▸ Try it
Only the lines from the start of the entries up to and including the line with "Lemma nth_insert_at x0" should be written out, exactly as they stand.

(Beginning of Task data)

(* Inserting the largest letter n into one of the n + 1 slots of a permutation
   word of [n] changes its statistics by at most one. A word with p interior
   peaks keeps p peaks for 2p + 2 slots and gains one for the remaining n - 1 - 2p.
   A simsun word with d descents stays simsun exactly when n is not put just
   before a descent top (that would create a double descent), and then keeps d
   descents for d + 1 slots and gains one for n - 2d. Hence
     W(n+1,k) = (2k+2) W(n,k) + (n+1-2k) W(n,k-1),
     S(n+1,k) = (k+1) S(n,k) + (n+2-2k) S(n,k-1),
   and 2^k W(n+1,k) = 2^n S(n,k) follows by induction.
   For the second identity, the recurrence of the Stirling numbers together
   with Pascal's rule and the absorption identity for binomial coefficients
   gives a three-term recurrence for p(m, m-2k+1), i.e. a differential
   recurrence for P_m(x) = sum_k p(m, m-2k+1) x^k. The polynomial
   Q_m(x) = sum_k W(m,k) x^(k+1) satisfies the recurrence obtained by the shift
   x |-> x - 1, so Q_m(x) = P_m(x - 1); evaluating at 2x and using the first
   identity gives S_n(x). *)

Set Implicit Arguments.
Unset Strict Implicit.
Unset Printing Implicit Defensive.

(** * Permutations as words *)

Section InsertAt.
Variable T : Type.

Definition insert_at (j : nat) (a : T) (w : seq T) : seq T :=
  take j w ++ a :: drop j w.

Lemma size_insert_at j a w : size (insert_at j a w) = (size w).+1.
Proof. by rewrite /insert_at size_cat /= addnS -size_cat cat_take_drop. Qed.

Lemma nth_insert_at x0 j a w i : j <= size w ->
  nth x0 (insert_at j a w) i =
  if i < j then nth x0 w i else if i == j then a else nth x0 w i.-1.
Proof.
move=> jw; rewrite /insert_at nth_cat size_takel //.
case: ltnP => [ij|ji]; first by rewrite nth_take.
case: eqVneq => [->|nji]; first by rewrite subnn.
have -> : i - j = (i - j).-1.+1 by lia.
by rewrite /= nth_drop; congr nth; lia.
Qed.

End InsertAt.

Section InsertAtEq.
Variable T : eqType.

Lemma mem_insert_at j (a : T) w x : (x \in insert_at j a w) = (x == a) || (x \in w).
Proof. by rewrite /insert_at mem_cat in_cons orbCA -mem_cat cat_take_drop. Qed.

Lemma uniq_insert_at j (a : T) w : a \notin w -> uniq w -> uniq (insert_at j a w).
Proof.
by move=> aw uw; rewrite /insert_at -cat1s uniq_catCA /= cat_take_drop aw.
Qed.

Lemma index_insert_at j (a : T) w : a \notin w -> j <= size w ->
  index a (insert_at j a w) = j.
Proof.
move=> aw jw; rewrite /insert_at index_cat size_takel // /= eqxx addn0.
by rewrite (negbTE (contra (@mem_take _ _ _ _) aw)).
Qed.

Lemma filter_insert_at j (a : T) w : a \notin w ->
  [seq x <- insert_at j a w | x != a] = w.
Proof.
move=> aw; rewrite /insert_at filter_cat /= eqxx -filter_cat cat_take_drop.
by apply/all_filterP/allP => x xw; apply: contraNneq aw => <-.
Qed.

Lemma insert_at_inj j1 j2 (a : T) w1 w2 :
  a \notin w1 -> a \notin w2 -> j1 <= size w1 -> j2 <= size w2 ->
  insert_at j1 a w1 = insert_at j2 a w2 -> j1 = j2 /\ w1 = w2.
Proof.
move=> aw1 aw2 jw1 jw2 E; split.
  by rewrite -(index_insert_at aw1 jw1) E index_insert_at.
by rewrite -(filter_insert_at j1 aw1) E filter_insert_at.
Qed.

End InsertAtEq.

Fixpoint perm_words (n : nat) : seq (seq nat) :=
  if n is m.+1 then [seq insert_at j m w | w <- perm_words m, j <- iota 0 m.+1]
  else [:: [::]].

Lemma perm_wordsS n :
  perm_words n.+1 = [seq insert_at j n w | w <- perm_words n, j <- iota 0 n.+1].
Proof. by []. Qed.

Definition is_perm_word (n : nat) (w : seq nat) : bool :=
  [&& size w == n, uniq w & all (fun a => a < n) w].

Lemma notin_perm_word n w : is_perm_word n w -> n \notin w.
Proof. by case/and3P=> _ _ /allP wn; apply/negP => /wn; rewrite ltnn. Qed.

Lemma perm_words_is_perm_word n w : w \in perm_words n -> is_perm_word n w.
Proof.
elim: n w => [|n IH] w; first by rewrite inE => /eqP->.
case/allpairsP => [[v j] [/= /IH vn _ ->]].
have nv := notin_perm_word vn; case/and3P: vn => /eqP sv uv /allP vn.
rewrite /is_perm_word size_insert_at sv eqxx uniq_insert_at //=.
by apply/allP => x; rewrite mem_insert_at => /orP [/eqP -> //|/vn]; lia.
Qed.

Lemma uniq_perm_words n : uniq (perm_words n).
Proof.
elim: n => [|n IH] //; apply: allpairs_uniq => //; first exact: iota_uniq.
move=> [v1 j1] [v2 j2] /allpairsP [[v j] [vP jP [-> ->]]].
move=> /allpairsP [[v' j'] [vP' jP' [-> ->]]] E.
rewrite !mem_iota /= in jP jP'; rewrite /= in vP vP' E *.
have /perm_words_is_perm_word wv := vP; have /perm_words_is_perm_word wv' := vP'.
have [/eqP sv _ _] := and3P wv; have [/eqP sv' _ _] := and3P wv'.
have jv : j <= size v by rewrite sv; lia.
have jv' : j' <= size v' by rewrite sv'; lia.
by case: (insert_at_inj (notin_perm_word wv) (notin_perm_word wv') jv jv' E) => -> ->.
Qed.

Lemma size_perm_words n : size (perm_words n) = n`!.
Proof. by elim: n => [|n IH] //; rewrite perm_wordsS size_allpairs IH size_iota factS mulnC. Qed.

Lemma word_inj n : injective (@word n).
Proof.
move=> s t E; apply/permP => i; apply: val_inj.
by have := (eq_in_map _ _ (enum 'I_n)).2 E i; rewrite mem_enum; apply.
Qed.

Lemma is_perm_word_word n w : is_perm_word n w -> exists s : 'S_n, word s = w.
Proof.
case/and3P => /eqP sw uw /allP wn.
have wi (i : 'I_n) : nth 0 w i < n by apply/wn/mem_nth; rewrite sw.
pose f (i : 'I_n) := Ordinal (wi i).
have f_inj : injective f.
  move=> i j /(congr1 val) /= /eqP; rewrite nth_uniq ?sw // => /eqP.
  exact: val_inj.
exists (perm f_inj); rewrite /word (eq_map (g := fun i : 'I_n => nth 0 w i)).
  by rewrite (map_comp (nth 0 w) val) val_enum_ord -sw; apply: mkseq_nth.
by move=> i; rewrite permE.
Qed.

Lemma perm_eq_word_perm_words n : perm_eq [seq word s | s : 'S_n] (perm_words n).
Proof.
apply: uniq_perm; first by rewrite map_inj_uniq ?enum_uniq //; apply: word_inj.
  exact: uniq_perm_words.
have [||] := uniq_min_size (uniq_perm_words n) (s2 := [seq word s | s : 'S_n]).
- move=> w /perm_words_is_perm_word /is_perm_word_word [s <-].
  by apply: map_f; rewrite mem_enum.
- by rewrite size_map size_perm_words -cardE card_Sn.
by move=> _ E w; rewrite E.
Qed.

Lemma card_word_pred n (P : pred (seq nat)) :
  #|[set s : 'S_n | P (word s)]| = count P (perm_words n).
Proof.
rewrite cardsE cardE /enum_mem size_filter -(count_map (@word n) P).
by rewrite -enumT; apply/seq.permP/perm_eq_word_perm_words.
Qed.

(** * Statistics after inserting a largest letter *)

Lemma count_iota_sum (f : pred nat) a m N : a + m <= N ->
  count f (iota a m) = \sum_(0 <= i < N) ((a <= i < a + m) && f i).
Proof.
move=> amN; have -> : iota a m = index_iota a (a + m) by rewrite /index_iota addKn.
rewrite -sumn_count sumnE big_map (big_nat_widen _ _ _ _ _ amN).
rewrite (big_nat_widenl _ _ _ _ _ (leq0n a)) big_mkcond /=.
by apply: eq_bigr => i _; rewrite andbC; case: (_ && _).
Qed.

Lemma sum_nat_eq1 (F : nat -> nat) j N : j < N ->
  \sum_(0 <= i < N) ((i == j) * F i) = F j.
Proof.
move=> jN; have := @big_nat1_eq _ 0 addn F j 0 N; rewrite jN big_mkcond /= => <-.
by apply: eq_bigr => i _; case: (i == j); rewrite ?mul1n ?mul0n.
Qed.

Lemma count_iota0_sum (f : pred nat) N : count f (iota 0 N) = \sum_(0 <= i < N) f i.
Proof. by rewrite (@count_iota_sum _ _ _ N) //; apply: eq_big_nat => i /= ->. Qed.

Lemma sum_nat_eq1S (F : nat -> nat) j N : j <= N ->
  \sum_(0 <= i < N) ((i.+1 == j) * F i) = (0 < j) * F j.-1.
Proof.
case: j => [|j] jN; first by rewrite big1.
by rewrite mul1n -(@sum_nat_eq1 F j N).
Qed.

Definition peak_at (w : seq nat) (i : nat) : bool :=
  [&& 0 < i, i.+1 < size w, nth 0 w i.-1 < nth 0 w i & nth 0 w i.+1 < nth 0 w i].

Definition des_at (w : seq nat) (i : nat) : bool :=
  (i.+1 < size w) && (nth 0 w i.+1 < nth 0 w i).

Definition ddes_at (w : seq nat) (i : nat) : bool := des_at w i && des_at w i.+1.

Lemma ipeaks_sum w N : size w <= N -> ipeaks w = \sum_(0 <= i < N) peak_at w i.
Proof.
case: (posnP N) => [-> /[!leqn0] /eqP /size0nil -> |N0 wN]; first by rewrite big_geq.
rewrite /ipeaks (@count_iota_sum _ _ _ N); last lia.
apply: eq_big_nat => i _; rewrite /peak_at.
by case: (nth 0 w i.-1 < nth 0 w i); case: (nth 0 w i.+1 < nth 0 w i); lia.
Qed.

Lemma des_sum w N : size w <= N -> des w = \sum_(0 <= i < N) des_at w i.
Proof.
move=> wN; rewrite /des (@count_iota_sum _ _ _ N); last lia.
by apply: eq_big_nat => i _; rewrite /des_at; case: (nth 0 w i.+1 < nth 0 w i); lia.
Qed.

Lemma has_ddesE w : has_ddes w = has (ddes_at w) (iota 0 (size w)).
Proof.
rewrite /has_ddes; apply/hasP/hasP => -[i]; rewrite !mem_iota /ddes_at /des_at => iw.
  by move=> /andP [h1 h2]; exists i; rewrite ?mem_iota; lia.
by move=> h; exists i; rewrite ?mem_iota; lia.
Qed.

Lemma has_ddesPn w : reflect (forall i, ~~ ddes_at w i) (~~ has_ddes w).
Proof.
rewrite has_ddesE; apply: (iffP hasPn) => [nd i|nd i _]; last exact: nd.
have [iw|] := ltnP i (size w); first by apply: nd; rewrite mem_iota.
by rewrite /ddes_at /des_at; lia.
Qed.

Section InsertMax.
Variables (j a : nat) (w : seq nat).
Hypotheses (jw : j <= size w) (wa : all (fun x => x < a) w).

Let nth_lt i : i < size w -> nth 0 w i < a.
Proof. by move=> iw; apply: (allP wa); apply: mem_nth. Qed.

Lemma peak_at_insert_at i :
  (peak_at (insert_at j a w) i : nat) =
  ((i.+1 < j) && peak_at w i) + ((i == j) && (0 < j < size w)) + ((j.+1 < i) && peak_at w i.-1).
Proof.
case: i => [|i]; first by rewrite /peak_at /=; lia.
have := @nth_lt i; have := @nth_lt i.+1.
by rewrite /peak_at size_insert_at !nth_insert_at //=; repeat case: ifP => ?; lia.
Qed.

Lemma des_at_insert_at i :
  (des_at (insert_at j a w) i : nat) =
  ((i.+1 < j) && des_at w i) + ((i == j) && (j < size w)) + ((j < i) && des_at w i.-1).
Proof.
have := @nth_lt i; have := @nth_lt i.+1; have := @nth_lt i.-1.
rewrite /des_at size_insert_at !nth_insert_at //.
by case: i => [|i] /=; repeat case: ifP => ?; lia.
Qed.

Lemma ddes_at_insert_at i : (forall i, ~~ ddes_at w i) ->
  ddes_at (insert_at j a w) i = (i == j) && des_at w j.
Proof.
move=> nd; have := nd i; have := nd i.-1.
have := @nth_lt i; have := @nth_lt i.+1; have := @nth_lt i.-1; have := @nth_lt i.+2.
case: (eqVneq i j) => [->|ij].
  rewrite /ddes_at /des_at size_insert_at !nth_insert_at //.
  by case: j jw => [|j'] /=; repeat case: ifP => ?; lia.
rewrite /ddes_at /des_at size_insert_at !nth_insert_at //.
by case: i ij => [|i] /=; repeat case: ifP => ?; lia.
Qed.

(End of Task data)

▸ Exercise result
(* Inserting the largest letter n into one of the n + 1 slots of a permutation
   word of [n] changes its statistics by at most one. A word with p interior
   peaks keeps p peaks for 2p + 2 slots and gains one for the remaining n - 1 - 2p.
   A simsun word with d descents stays simsun exactly when n is not put just
   before a descent top (that would create a double descent), and then keeps d
   descents for d + 1 slots and gains one for n - 2d. Hence
     W(n+1,k) = (2k+2) W(n,k) + (n+1-2k) W(n,k-1),
     S(n+1,k) = (k+1) S(n,k) + (n+2-2k) S(n,k-1),
   and 2^k W(n+1,k) = 2^n S(n,k) follows by induction.
   For the second identity, the recurrence of the Stirling numbers together
   with Pascal's rule and the absorption identity for binomial coefficients
   gives a three-term recurrence for p(m, m-2k+1), i.e. a differential
   recurrence for P_m(x) = sum_k p(m, m-2k+1) x^k. The polynomial
   Q_m(x) = sum_k W(m,k) x^(k+1) satisfies the recurrence obtained by the shift
   x |-> x - 1, so Q_m(x) = P_m(x - 1); evaluating at 2x and using the first
   identity gives S_n(x). *)

Set Implicit Arguments.
Unset Strict Implicit.
Unset Printing Implicit Defensive.

(** * Permutations as words *)

Section InsertAt.
Variable T : Type.

Definition insert_at (j : nat) (a : T) (w : seq T) : seq T :=
  take j w ++ a :: drop j w.

Lemma size_insert_at j a w : size (insert_at j a w) = (size w).+1.
Proof. by rewrite /insert_at size_cat /= addnS -size_cat cat_take_drop. Qed.

Lemma nth_insert_at x0 j a w i : j <= size w ->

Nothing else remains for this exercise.